TASK ITEM - Begin with the first line of the entries below and reproduce each line exactly, ending with the line that holds "(forall s t, F".

##### RECORDED DATA #####

(* Let $\alpha>0$ be irrational and $A=\begin{bmatrix} m_1&n_1\\ m_2&n_2\end{bmatrix}\in GL(2,\mathbb Z)$. Then $\pi(A)$ restricts to an isometric automorphism of $\mathcal A_\alpha$ if and only if $m_1+\alpha n_1>0$ and $n_1\alpha^2+(m_1-n_2)\alpha-m_2=0$.
   Context: For $f\in C(\mathbb T^2)$ (with $\mathbb T$ the unit circle), the Fourier transform is $\hat f(m,n)=\int_{\mathbb T^2} f(e^{is},e^{it})e^{-i(ms+nt)}\,d\mu$, $\mu$ normalized Lebesgue measure. For a positive irrational $\alpha$, $\mathcal A_\alpha=\{f\in C(\mathbb T^2): \hat f(m,n)=0 \text{ whenever } m+\alpha n<0\}$, a uniform algebra with the sup norm on $\mathbb T^2$. For $A=\begin{bmatrix} a&b\\ c&d\end{bmatrix}\in GL(2,\mathbb Z)$, $\pi(A):C(\mathbb T^2)\to C(\mathbb T^2)$ is $\pi(A)(f)=f\circ\varphi$ with $\varphi(z,w)=(z^aw^b,z^cw^d)$. *)

From Stdlib Require Import Reals ZArith ClassicalEpsilon.
Open Scope R_scope.

Definition C : Type := (R * R)%type.
Definition C0 : C := (0, 0).
Definition Cadd (z w : C) : C := (fst z + fst w, snd z + snd w).
Definition Cmul (z w : C) : C :=
  (fst z * fst w - snd z * snd w, fst z * snd w + snd z * fst w).
Definition Cmod (z : C) : R := sqrt (fst z ^ 2 + snd z ^ 2).

(* A function on T^2 is represented in angle coordinates:
   F s t = f(e^{is}, e^{it}). *)
Definition fun_T2 : Type := R -> R -> C.

Definition cont_T2 (F : fun_T2) : Prop :=
  (forall s t, F (s + 2 * PI) t = F s t /\ F s (t + 2 * PI) = F s t) /\
  (forall s t eps, eps > 0 -> exists delta, delta > 0 /\
     forall s' t', Rabs (s' - s) < delta -> Rabs (t' - t) < delta ->
       Cmod (Cadd (F s' t') (- fst (F s t), - snd (F s t))) < eps).

(* Value of the Riemann integral of g over [a,b] (when it exists; it does
   for all integrands used below, which are continuous). *)
Definition RInt (g : R -> R) (a b : R) : R :=
  epsilon (inhabits 0)
    (fun v => exists pr : Riemann_integrable g a b, RiemannInt pr = v).

(* Iterated integral over [0,2PI]^2 (equals the double integral for
   continuous integrands, by Fubini). *)
Definition Int2 (g : R -> R -> R) : R :=
  RInt (fun t => RInt (fun s => g s t) 0 (2 * PI)) 0 (2 * PI).

(* Fourier transform w.r.t. normalized Lebesgue measure on T^2:
   hat f(m,n) = (1/(4 PI^2)) * int int F(s,t) e^{-i(ms+nt)} ds dt. *)
Definition fourier (F : fun_T2) (m n : Z) : C :=
  let th s t := IZR m * s + IZR n * t in
  ( / (4 * PI ^ 2) *
      Int2 (fun s t => fst (F s t) * cos (th s t) + snd (F s t) * sin (th s t)),
    / (4 * PI ^ 2) *
      Int2 (fun s t => snd (F s t) * cos (th s t) - fst (F s t) * sin (th s t))).

Definition in_Aalpha (alpha : R) (F : fun_T2) : Prop :=
  cont_T2 F /\
  forall m n : Z, IZR m + alpha * IZR n < 0 -> fourier F m n = C0.

Definition irrational (x : R) : Prop :=
  ~ exists p q : Z, q <> 0%Z /\ x = IZR p / IZR q.

Definition in_GL2Z (a b c d : Z) : Prop :=
  (a * d - b * c = 1)%Z \/ (a * d - b * c = -1)%Z.

(* pi(A) f = f o phi, phi(z,w) = (z^a w^b, z^c w^d); in angle coordinates
   (s,t) |-> (a s + b t, c s + d t). *)
Definition piA (a b c d : Z) (F : fun_T2) : fun_T2 :=
  fun s t => F (IZR a * s + IZR b * t) (IZR c * s + IZR d * t).

Definition is_supnorm (F : fun_T2) (M : R) : Prop :=
  is_lub (fun x => exists s t, x = Cmod (F s t)) M.

Definition feq (F G : fun_T2) : Prop := forall s t, F s t = G s t.

Definition restricts_to_isometric_automorphism (alpha : R) (a b c d : Z) : Prop :=
  (forall F, in_Aalpha alpha F -> in_Aalpha alpha (piA a b c d F)) /\
  (forall G, in_Aalpha alpha G ->
     exists F, in_Aalpha alpha F /\ feq (piA a b c d F) G) /\
  (forall F1 F2, in_Aalpha alpha F1 -> in_Aalpha alpha F2 ->
     feq (piA a b c d F1) (piA a b c d F2) -> feq F1 F2) /\
  (forall F1 F2, in_Aalpha alpha F1 -> in_Aalpha alpha F2 ->
     feq (piA a b c d (fun s t => Cadd (F1 s t) (F2 s t)))
         (fun s t => Cadd (piA a b c d F1 s t) (piA a b c d F2 s t)) /\
     feq (piA a b c d (fun s t => Cmul (F1 s t) (F2 s t)))
         (fun s t => Cmul (piA a b c d F1 s t) (piA a b c d F2 s t))) /\
  (forall (k : C) F, in_Aalpha alpha F ->
     feq (piA a b c d (fun s t => Cmul k (F s t)))
         (fun s t => Cmul k (piA a b c d F s t))) /\
  (forall F M, in_Aalpha alpha F ->
     (is_supnorm F M <-> is_supnorm (piA a b c d F) M)).

From Pilot Require Import Defs.
From Stdlib Require Import Reals ZArith Lra Lia.
From Stdlib Require Import FunctionalExtensionality PropExtensionality ClassicalEpsilon.
From Coquelicot Require Import Coquelicot.
Open Scope R_scope.

(* Composition with [phi(s, t) = (a s + b t, c s + d t)] sends the character [e_(m,n)] to
   [e_((m,n) A)], and since Lebesgue measure on the torus is invariant under GL(2,Z) (it
   suffices to check shears, one reflection and the swap of coordinates, which generate the
   group), it carries the Fourier coefficient of [f] at [(m, n)] to that of [f o phi] at
   [(m, n) A]. As [(m,n) A . (1, alpha) = (m,n) . A (1, alpha)], pi(A) maps [A_alpha] into
   itself as soon as [A (1, alpha) = lambda (1, alpha)] with [lambda > 0]. Conversely,
   testing on characters shows that the linear form [(m,n) . A (1, alpha)] is nonnegative on
   the lattice half-plane [m + alpha n > 0]; this forces it to be a nonnegative multiple of
   [m + alpha n], nonzero because alpha is irrational. The inverse matrix has the same
   eigenvector, so pi(A) is onto; multiplicativity is automatic and the sup norm is preserved
   because phi is a bijection of the torus. *)

Lemma ex_RInt_cont (g : R -> R) (a b : R) :
  (forall x, continuous g x) -> ex_RInt g a b.
Proof. intro Hg. apply (ex_RInt_continuous (V := R_CompleteNormedModule)); auto. Qed.

Lemma Defs_RInt_eq (g : R -> R) (a b : R) :
  ex_RInt g a b -> Defs.RInt g a b = RInt g a b.
Proof.
  intro Hg. unfold Defs.RInt.
  destruct (epsilon_spec (inhabits 0)
    (fun v => exists pr : Riemann_integrable g a b, RiemannInt pr = v)) as [pr <-].
  - exists (RInt g a b), (ex_RInt_Reals_0 _ _ _ Hg). symmetry. apply RInt_Reals.
  - symmetry. apply RInt_Reals.
Qed.

Lemma periodic_Z (g : R -> R) :
  (forall x, g (x + 2 * PI) = g x) -> forall (k : Z) x, g (x + 2 * PI * IZR k) = g x.
Proof.
  intros Hg k. induction k as [|k IH|k IH] using Z.peano_ind; intro x.
  - f_equal. ring.
  - rewrite succ_IZR, <- (IH x), <- (Hg (x + 2 * PI * IZR k)). f_equal. ring.
  - rewrite <- (Hg (x + 2 * PI * IZR (Z.pred k))), <- (IH x).
    f_equal. rewrite <- Z.sub_1_r, minus_IZR. ring.
Qed.

Section PeriodicIntegral.

Variable g : R -> R.
Hypothesis g_cont : forall x, continuous g x.
Hypothesis g_per : forall x, g (x + 2 * PI) = g x.

Lemma RInt_Chasles_cont (a b c : R) : RInt g a b + RInt g b c = RInt g a c.
Proof. apply (RInt_Chasles (V := R_CompleteNormedModule)); apply ex_RInt_cont, g_cont. Qed.

Lemma RInt_swap_bounds (a b : R) : RInt g b a = - RInt g a b.
Proof.
  rewrite <- (opp_RInt_swap (V := R_CompleteNormedModule)); [reflexivity |].
  apply ex_RInt_cont, g_cont.
Qed.

Lemma RInt_translate (c a b : R) :
  RInt (fun y => g (y + c)) a b = RInt g (a + c) (b + c).
Proof.
  replace (a + c) with (1 * a + c) by ring. replace (b + c) with (1 * b + c) by ring.
  rewrite <- (RInt_comp_lin (V := R_CompleteNormedModule)) by apply ex_RInt_cont, g_cont.
  apply RInt_ext. intros y _. unfold scal; simpl; unfold mult; simpl.
  rewrite Rmult_1_l. f_equal. ring.
Qed.

Lemma RInt_reflect (a b : R) :
  RInt (fun y => g (- y)) a b = RInt g (- b) (- a).
Proof.
  rewrite RInt_swap_bounds.
  replace (- a) with (-1 * a + 0) by ring. replace (- b) with (-1 * b + 0) by ring.
  rewrite <- (RInt_comp_lin (V := R_CompleteNormedModule)) by apply ex_RInt_cont, g_cont.
  rewrite <- (RInt_opp (V := R_CompleteNormedModule)).
  - apply RInt_ext. intros y _. unfold scal, opp; simpl; unfold mult; simpl.
    replace (-1 * y + 0) with (- y) by ring. ring.
  - apply (ex_RInt_comp_lin (V := R_CompleteNormedModule)), ex_RInt_cont, g_cont.
Qed.

(* Split [[c, 2 PI + c]] at [0] and [2 PI]; the last piece is [[c, 0]] shifted by a period. *)
Lemma RInt_period_translate (c : R) :
  RInt (fun y => g (y + c)) 0 (2 * PI) = RInt g 0 (2 * PI).
Proof.
  rewrite RInt_translate, Rplus_0_l.
  assert (Htail : RInt g (2 * PI + c) (2 * PI) = RInt g c 0).
  { transitivity (RInt (fun y => g (y + 2 * PI)) c 0).
    - rewrite RInt_translate. f_equal; ring.
    - apply RInt_ext. intros y _. apply g_per. }
  rewrite <- (RInt_Chasles_cont c 0 (2 * PI + c)), <- (RInt_Chasles_cont 0 (2 * PI) (2 * PI + c)).
  rewrite (RInt_swap_bounds (2 * PI + c) (2 * PI)), Htail, (RInt_swap_bounds 0 c).
  lra.
Qed.

Lemma RInt_period_reflect : RInt (fun y => g (- y)) 0 (2 * PI) = RInt g 0 (2 * PI).
Proof.
  rewrite RInt_reflect, Ropp_0, <- (RInt_period_translate (- (2 * PI))), RInt_translate.
  f_equal; ring.
Qed.

End PeriodicIntegral.

Definition continuous_2d (h : R -> R -> R) : Prop := forall s t, continuity_2d_pt h s t.

Lemma continuous_2d_linear (h : R -> R -> R) (a b c d : R) :
  continuous_2d h -> continuous_2d (fun s t => h (a * s + b * t) (c * s + d * t)).
Proof.
  assert (Hlin : forall (p q : R) (z : R * R),
    continuous (fun z : R * R => p * fst z + q * snd z) z).
  { intros p q [x y].
    apply (continuous_plus (fun z : R * R => p * fst z) (fun z : R * R => q * snd z)).
    - apply (continuous_mult (fun _ => p) fst); [apply continuous_const | apply continuous_fst].
    - apply (continuous_mult (fun _ => q) snd); [apply continuous_const | apply continuous_snd]. }
  intros Hh s t. apply continuity_2d_pt_filterlim.
  apply (continuous_comp_2 (fun z : R * R => a * fst z + b * snd z)
                           (fun z : R * R => c * fst z + d * snd z) h (s, t)); auto.
  apply continuity_2d_pt_filterlim, Hh.
Qed.

Lemma continuous_2d_swap (h : R -> R -> R) :
  continuous_2d h -> continuous_2d (fun t s => h s t).
Proof.
  intros Hh s t. apply (continuity_2d_pt_ext (fun s t => h (0 * s + 1 * t) (1 * s + 0 * t))).
  - intros x y. f_equal; ring.
  - apply continuous_2d_linear, Hh.
Qed.

Lemma continuous_2d_l (h : R -> R -> R) (t : R) :
  continuous_2d h -> forall s, continuous (fun s => h s t) s.
Proof.
  intros Hh s.
  apply (continuous_comp_2 (fun s => s) (fun _ => t) h s);
    [apply continuous_id | apply continuous_const |].
  apply continuity_2d_pt_filterlim, Hh.
Qed.

Lemma continuous_RInt_param_le (h : R -> R -> R) (a b t0 : R) : continuous_2d h -> a <= b ->
  continuous (fun t => RInt (fun s => h s t) a b) t0.
Proof.
  intros Hh Hab. apply continuity_pt_filterlim.
  unfold continuity_pt, continue_in, limit1_in, limit_in; simpl; unfold R_dist.
  intros eps Heps.
  assert (Heps' : 0 < eps / (b - a + 1)) by (apply Rdiv_lt_0_compat; lra).
  destruct (uniform_continuity_2d_1d h a b t0 (fun x _ => Hh x t0) (mkposreal _ Heps'))
    as [d Hd]; simpl in Hd.
  exists d. split; [apply cond_pos |]. intros t [_ Ht].
  assert (Hex : forall t, ex_RInt (fun s => h s t) a b)
    by (intro; apply ex_RInt_cont, continuous_2d_l, Hh).
  rewrite <- (RInt_minus (V := R_CompleteNormedModule)) by auto.
  eapply Rle_lt_trans.
  - apply abs_RInt_le_const with (M := eps / (b - a + 1)); [exact Hab | |].
    + apply (ex_RInt_minus (V := R_NormedModule)); auto.
    + intros s Hs. left. pose proof (cond_pos d).
      apply (Hd s t0 s t); try lra.
      * apply Rabs_lt_between' in Ht. lra.
      * rewrite Rminus_diag, Rabs_R0. lra.
  - apply Rmult_lt_reg_r with (b - a + 1); [lra |].
    replace ((b - a) * (eps / (b - a + 1)) * (b - a + 1)) with ((b - a) * eps)
      by (field; lra).
    nra.
Qed.

Lemma continuous_RInt_param (h : R -> R -> R) (a b t0 : R) : continuous_2d h ->
  continuous (fun t => RInt (fun s => h s t) a b) t0.
Proof.
  intro Hh. destruct (Rle_dec a b) as [Hab | Hab].
  - apply continuous_RInt_param_le; auto.
  - apply (continuous_ext (fun t => - RInt (fun s => h s t) b a)).
    + intro t. rewrite (RInt_swap_bounds (fun s : R => h s t) (continuous_2d_l h t Hh) b a).
      reflexivity.
    + apply (continuous_opp (fun t => RInt (fun s => h s t) b a)).
      apply continuous_RInt_param_le; auto. lra.
Qed.

Lemma is_derive_RInt_cont (g : R -> R) (a x : R) :
  (forall y, continuous g y) -> is_derive (fun x => RInt g a x) x (g x).
Proof.
  intro Hg. apply (is_derive_RInt (V := R_CompleteNormedModule)) with (a := a); [| apply Hg].
  exists (mkposreal 1 Rlt_0_1). intros y _.
  apply (RInt_correct (V := R_CompleteNormedModule)), ex_RInt_cont, Hg.
Qed.

Lemma is_derive_zero_eq (f : R -> R) (a b : R) : (forall x, is_derive f x 0) -> f a = f b.
Proof.
  intro Hf.
  destruct (MVT_cor4 f (fun _ => 0) a (Rabs (b - a))) with (b := b) as [c [Hc _]];
    auto; lra.
Qed.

#####

WRITTEN ANSWER -
(* Let $\alpha>0$ be irrational and $A=\begin{bmatrix} m_1&n_1\\ m_2&n_2\end{bmatrix}\in GL(2,\mathbb Z)$. Then $\pi(A)$ restricts to an isometric automorphism of $\mathcal A_\alpha$ if and only if $m_1+\alpha n_1>0$ and $n_1\alpha^2+(m_1-n_2)\alpha-m_2=0$.
   Context: For $f\in C(\mathbb T^2)$ (with $\mathbb T$ the unit circle), the Fourier transform is $\hat f(m,n)=\int_{\mathbb T^2} f(e^{is},e^{it})e^{-i(ms+nt)}\,d\mu$, $\mu$ normalized Lebesgue measure. For a positive irrational $\alpha$, $\mathcal A_\alpha=\{f\in C(\mathbb T^2): \hat f(m,n)=0 \text{ whenever } m+\alpha n<0\}$, a uniform algebra with the sup norm on $\mathbb T^2$. For $A=\begin{bmatrix} a&b\\ c&d\end{bmatrix}\in GL(2,\mathbb Z)$, $\pi(A):C(\mathbb T^2)\to C(\mathbb T^2)$ is $\pi(A)(f)=f\circ\varphi$ with $\varphi(z,w)=(z^aw^b,z^cw^d)$. *)

From Stdlib Require Import Reals ZArith ClassicalEpsilon.
Open Scope R_scope.

Definition C : Type := (R * R)%type.
Definition C0 : C := (0, 0).
Definition Cadd (z w : C) : C := (fst z + fst w, snd z + snd w).
Definition Cmul (z w : C) : C :=
  (fst z * fst w - snd z * snd w, fst z * snd w + snd z * fst w).
Definition Cmod (z : C) : R := sqrt (fst z ^ 2 + snd z ^ 2).

(* A function on T^2 is represented in angle coordinates:
   F s t = f(e^{is}, e^{it}). *)
Definition fun_T2 : Type := R -> R -> C.

Definition cont_T2 (F : fun_T2) : Prop :=
  (forall s t, F (s + 2 * PI) t = F s t /\ F s (t + 2 * PI) = F s t) /\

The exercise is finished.